### Input data
(* Let $a,d\in\mathbb{C}\setminus\{0\}$ and $b=0$. Then there exists $\varepsilon>0$ (depending on $a$ and $d$) such that for every $f\in\mathbb{C}$ with $|f|<\varepsilon$, the node-wise equi-M sets of the system $z_1(n+1)=(az_1(n))^2+c$, $z_2(n+1)=(dz_1(n)+fz_2(n))^2+c$ coincide: $\mathcal{M}(z_1)=\mathcal{M}(z_2)$.
   Context: For $c\in\mathbb{C}$, the 2D coupled quadratic system with connectivity matrix $A=\begin{pmatrix}a&b\\ d&f\end{pmatrix}$ is the iteration $z_1(n+1)=(az_1(n)+bz_2(n))^2+c$, $z_2(n+1)=(dz_1(n)+fz_2(n))^2+c$. The critical orbit is the orbit with $z_1(0)=z_2(0)=0$. The node-wise equi-M set $\mathcal{M}(z_k)$ ($k=1,2$) is the set of $c\in\mathbb{C}$ for which the sequence $(z_k(n))_{n\ge0}$ of the critical orbit is bounded. *)

From Stdlib Require Import Reals.
From Coquelicot Require Export Coquelicot.
Open Scope C_scope.

Fixpoint crit_orbit (a b d f c : C) (n : nat) : C * C :=
  match n with
  | O => (RtoC 0%R, RtoC 0%R)
  | S m =>
      let z := crit_orbit a b d f c m in
      let u := a * fst z + b * snd z in
      let v := d * fst z + f * snd z in
      (u * u + c, v * v + c)
  end.

Definition equiM1 (a b d f : C) : C -> Prop :=
  fun c => exists B : R, forall n : nat, (Cmod (fst (crit_orbit a b d f c n)) <= B)%R.

Definition equiM2 (a b d f : C) : C -> Prop :=
  fun c => exists B : R, forall n : nat, (Cmod (snd (crit_orbit a b d f c n)) <= B)%R.

From Stdlib Require Import Reals Lra.
From Coquelicot Require Import Coquelicot.
Open Scope C_scope.

(* For b = 0 the first node is autonomous: z1(n+1) = (a z1(n))^2 + c, with
   escape radius K = 2/|a|^2.  The proof has three parts.
   1. An escape lemma for real sequences with s(n+1) >= al s(n)^2 - g: once
      s exceeds some t > 2/al with t >= g it grows at least linearly, hence is
      unbounded.  Applied to s(n) = |z1(n)| (al = |a|^2, g = |c|) it shows that
      c in M(z1) forces |c| <= K and |z1(n)| <= K for every n.
   2. M(z1) ⊆ M(z2) for |f| < eps := 1/R0, with R0 = (|d|K+1)^2 + K + 1:
      by induction |z2(n)| <= R0, since then |f z2(n)| <= 1 and
      |z2(n+1)| <= (|d|K + 1)^2 + |c| <= R0.
   3. M(z2) ⊆ M(z1) for every f (only d <> 0 is used): if |z2| <= M then
      v(n) = d z1(n) + f z2(n) satisfies |v(n)|^2 <= |z2(n+1)| + |c| <= 2M,
      so |d z1(n)| <= |v(n)| + |f| M is bounded. *)

Lemma crit_orbit_S (a b d f c : C) (n : nat) :
  crit_orbit a b d f c (S n) =
  let z := crit_orbit a b d f c n in
  ((a * fst z + b * snd z) * (a * fst z + b * snd z) + c,
   (d * fst z + f * snd z) * (d * fst z + f * snd z) + c).
Proof. reflexivity. Qed.

Lemma Cmod_plus_ge (x c : C) : (Cmod x - Cmod c <= Cmod (x + c))%R.
Proof.
  pose proof (Cmod_triangle (x + c) (- c)) as Htri.
  rewrite Cmod_opp in Htri.
  replace (x + c + - c) with x in Htri by ring.
  lra.
Qed.

(* Escape lemma: a nonnegative sequence with s(n+1) >= al s(n)^2 - g that ever
   reaches a level t > 2/al (with t >= g) grows by at least t (al t - 2) per
   step from then on, hence is unbounded. *)
Lemma quadratic_escape (s : nat -> R) (al g t : R) (k : nat) :
  (0 < al)%R ->
  (forall n, al * s n * s n - g <= s (S n))%R ->
  (2 / al < t)%R -> (g <= t)%R -> (t <= s k)%R ->
  forall B, exists n, (B < s n)%R.
Proof.
  intros Hal Hrec Ht Hg Hk.
  assert (Hat : (2 < al * t)%R).
  { apply (Rmult_lt_compat_l al) in Ht; [|lra].
    unfold Rdiv in Ht.
    rewrite <- Rmult_assoc, (Rmult_comm al 2), Rmult_assoc, Rinv_r in Ht; lra. }
  assert (Ht0 : (0 < t)%R) by nra.
  set (dl := (t * (al * t - 2))%R).
  assert (Hdl : (0 < dl)%R) by (unfold dl; nra).
  assert (Hlin : forall m, (t + INR m * dl <= s (k + m)%nat)%R).
  { induction m as [|m IHm].
    - rewrite Nat.add_0_r; simpl; lra.
    - rewrite Nat.add_succ_r, S_INR.
      specialize (Hrec (k + m)%nat).
      set (x := s (k + m)%nat) in *.
      assert (Htx : (t <= x)%R) by (pose proof (pos_INR m); nra).
      assert (Hgain : (al * t - 2 <= al * x - 2)%R) by nra.
      assert (Hgrow : (x + dl <= al * x * x - g)%R) by (unfold dl; nra).
      nra. }
  intros B.
  destruct (INR_unbounded (B / dl)) as [m Hm].
  exists (k + m)%nat.
  specialize (Hlin m).
  assert (HmB : (B < INR m * dl)%R).
  { apply (Rmult_lt_compat_r dl) in Hm; [|lra].
    unfold Rdiv in Hm. rewrite Rmult_assoc, Rinv_l in Hm; lra. }
  lra.
Qed.

Lemma equiM1_escape_radius (a d f c : C) :
  a <> 0 -> equiM1 a 0 d f c ->
  (Cmod c <= 2 / (Cmod a * Cmod a))%R /\
  forall n, (Cmod (fst (crit_orbit a 0 d f c n)) <= 2 / (Cmod a * Cmod a))%R.
Proof.
  intros ha [B HB].
  set (s := fun n => Cmod (fst (crit_orbit a 0 d f c n))).
  set (al := (Cmod a * Cmod a)%R).
  assert (Hal : (0 < al)%R) by (apply Cmod_gt_0 in ha; unfold al; nra).
  assert (Hrec : forall n, (al * s n * s n - Cmod c <= s (S n))%R).
  { intro n. unfold s. rewrite crit_orbit_S. simpl fst.
    rewrite Cmult_0_l, Cplus_0_r.
    eapply Rle_trans; [|apply Cmod_plus_ge].
    rewrite !Cmod_mult. unfold al. lra. }
  assert (Hs1 : s 1%nat = Cmod c) by (unfold s; simpl; f_equal; ring).
  assert (Hcap : forall k t, (2 / al < t)%R -> (Cmod c <= t)%R -> (t <= s k)%R -> False).
  { intros k t Ht Hg Hk.
    destruct (quadratic_escape s al (Cmod c) t k Hal Hrec Ht Hg Hk B) as [n Hn].
    specialize (HB n). unfold s in Hn. lra. }
  assert (Hc : (Cmod c <= 2 / al)%R).
  { destruct (Rle_or_lt (Cmod c) (2 / al)) as [H|H]; [exact H|].
    exfalso. apply (Hcap 1%nat (Cmod c)); lra. }
  split; [exact Hc|].
  intro n. destruct (Rle_or_lt (s n) (2 / al)) as [H|H]; [exact H|].
  exfalso. apply (Hcap n (s n)); lra.
Qed.

Lemma equiM1_sub_equiM2 (a d f c : C) (K : R) :
  (0 <= K)%R -> (Cmod c <= K)%R ->
  (forall n, Cmod (fst (crit_orbit a 0 d f c n)) <= K)%R ->
  (Cmod f * ((Cmod d * K + 1) * (Cmod d * K + 1) + K + 1) <= 1)%R ->
  forall n, (Cmod (snd (crit_orbit a 0 d f c n)) <=
             (Cmod d * K + 1) * (Cmod d * K + 1) + K + 1)%R.
Proof.
  intros HK Hc Hu Hf.
  set (R0 := ((Cmod d * K + 1) * (Cmod d * K + 1) + K + 1)%R) in *.
  pose proof (Cmod_ge_0 d).
  assert (HR0 : (1 <= R0)%R) by (unfold R0; nra).
  induction n as [|n IHn].
  - simpl. rewrite Cmod_0. lra.
  - rewrite crit_orbit_S. simpl snd.
    set (u := fst (crit_orbit a 0 d f c n)) in *.
    set (y := snd (crit_orbit a 0 d f c n)) in *.
    specialize (Hu n). fold u in Hu.
    assert (Hfy : (Cmod f * Cmod y <= 1)%R).
    { pose proof (Cmod_ge_0 f). nra. }
    assert (Hv : (Cmod (d * u + f * y) <= Cmod d * K + 1)%R).
    { eapply Rle_trans; [apply Cmod_triangle|]. rewrite !Cmod_mult.
      pose proof (Cmod_ge_0 u). nra. }
    eapply Rle_trans; [apply Cmod_triangle|]. rewrite Cmod_mult.
    pose proof (Cmod_ge_0 (d * u + f * y)).
    unfold R0. nra.
Qed.

Lemma equiM2_sub_equiM1 (a d f c : C) :
  d <> 0 -> equiM2 a 0 d f c -> equiM1 a 0 d f c.
Proof.
  intros hd [M HM].
  assert (Hc : (Cmod c <= M)%R).
  { specialize (HM 1%nat). simpl in HM.
    replace ((d * 0 + f * 0) * (d * 0 + f * 0) + c) with c in HM by ring.
    exact HM. }
  exists ((1 + M + M + Cmod f * M) / Cmod d)%R.
  intro n.
  pose proof (HM (S n)) as Hnext. rewrite crit_orbit_S in Hnext. simpl snd in Hnext.
  set (u := fst (crit_orbit a 0 d f c n)) in *.
  set (y := snd (crit_orbit a 0 d f c n)) in *.
  set (v := d * u + f * y) in *.
  assert (Hv2 : (Cmod v * Cmod v <= M + Cmod c)%R).
  { rewrite <- Cmod_mult. pose proof (Cmod_plus_ge (v * v) c). lra. }
  assert (Hv : (Cmod v <= 1 + M + M)%R) by (pose proof (Cmod_ge_0 v); nra).
  assert (Hdu : (Cmod d * Cmod u <= 1 + M + M + Cmod f * M)%R).
  { rewrite <- Cmod_mult.
    replace (d * u) with (v + - (f * y)) by (unfold v; ring).
    eapply Rle_trans; [apply Cmod_triangle|]. rewrite Cmod_opp, Cmod_mult.
    pose proof (HM n) as Hy. fold y in Hy. pose proof (Cmod_ge_0 f).
    nra. }
  apply Cmod_gt_0 in hd.
  apply (Rmult_le_reg_l (Cmod d)); [exact hd|].
  unfold Rdiv. rewrite (Rmult_comm _ (/ Cmod d)), <- Rmult_assoc, Rinv_r; lra.
Qed.

Theorem mainTheorem11 (a d : C) (ha : a <> 0) (hd : d <> 0) :
  exists eps : R, (0 < eps)%R /\
    forall f : C, (Cmod f < eps)%R ->
      forall c : C, equiM1 a 0 d f c <-> equiM2 a 0 d f c.
Proof.
  set (K := (2 / (Cmod a * Cmod a))%R).
  assert (HK : (0 <= K)%R).
  { unfold K. apply Rdiv_le_0_compat; [lra|]. apply Cmod_gt_0 in ha. nra. }
  set (R0 := ((Cmod d * K + 1) * (Cmod d * K + 1) + K + 1)%R).
  assert (HR0 : (1 <= R0)%R) by (pose proof (Cmod_ge_0 d); unfold R0; nra).
  exists (/ R0)%R. split; [apply Rinv_0_lt_compat; lra|].
  intros f Hf c. split.
  - intros H1.
    destruct (equiM1_escape_radius a d f c ha H1) as [Hc Hu].
    assert (HfR0 : (Cmod f * R0 <= 1)%R).
    { apply (Rmult_lt_compat_r R0) in Hf; [|lra].
      rewrite Rinv_l in Hf; lra. }
    exists R0. exact (equiM1_sub_equiM2 a d f c K HK Hc Hu HfR0).
  - apply equiM2_sub_equiM1, hd.
Qed.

### Brief
Only the lines above starting with the one with "let v := d * fst z + f * snd z in" and going through the one with "nat, (Cmod (snd" are to be copied, word for word and with both ends kept.

### Task response
      let v := d * fst z + f * snd z in
      (u * u + c, v * v + c)
  end.

Definition equiM1 (a b d f : C) : C -> Prop :=
  fun c => exists B : R, forall n : nat, (Cmod (fst (crit_orbit a b d f c n)) <= B)%R.

Definition equiM2 (a b d f : C) : C -> Prop :=
  fun c => exists B : R, forall n : nat, (Cmod (snd (crit_orbit a b d f c n)) <= B)%R.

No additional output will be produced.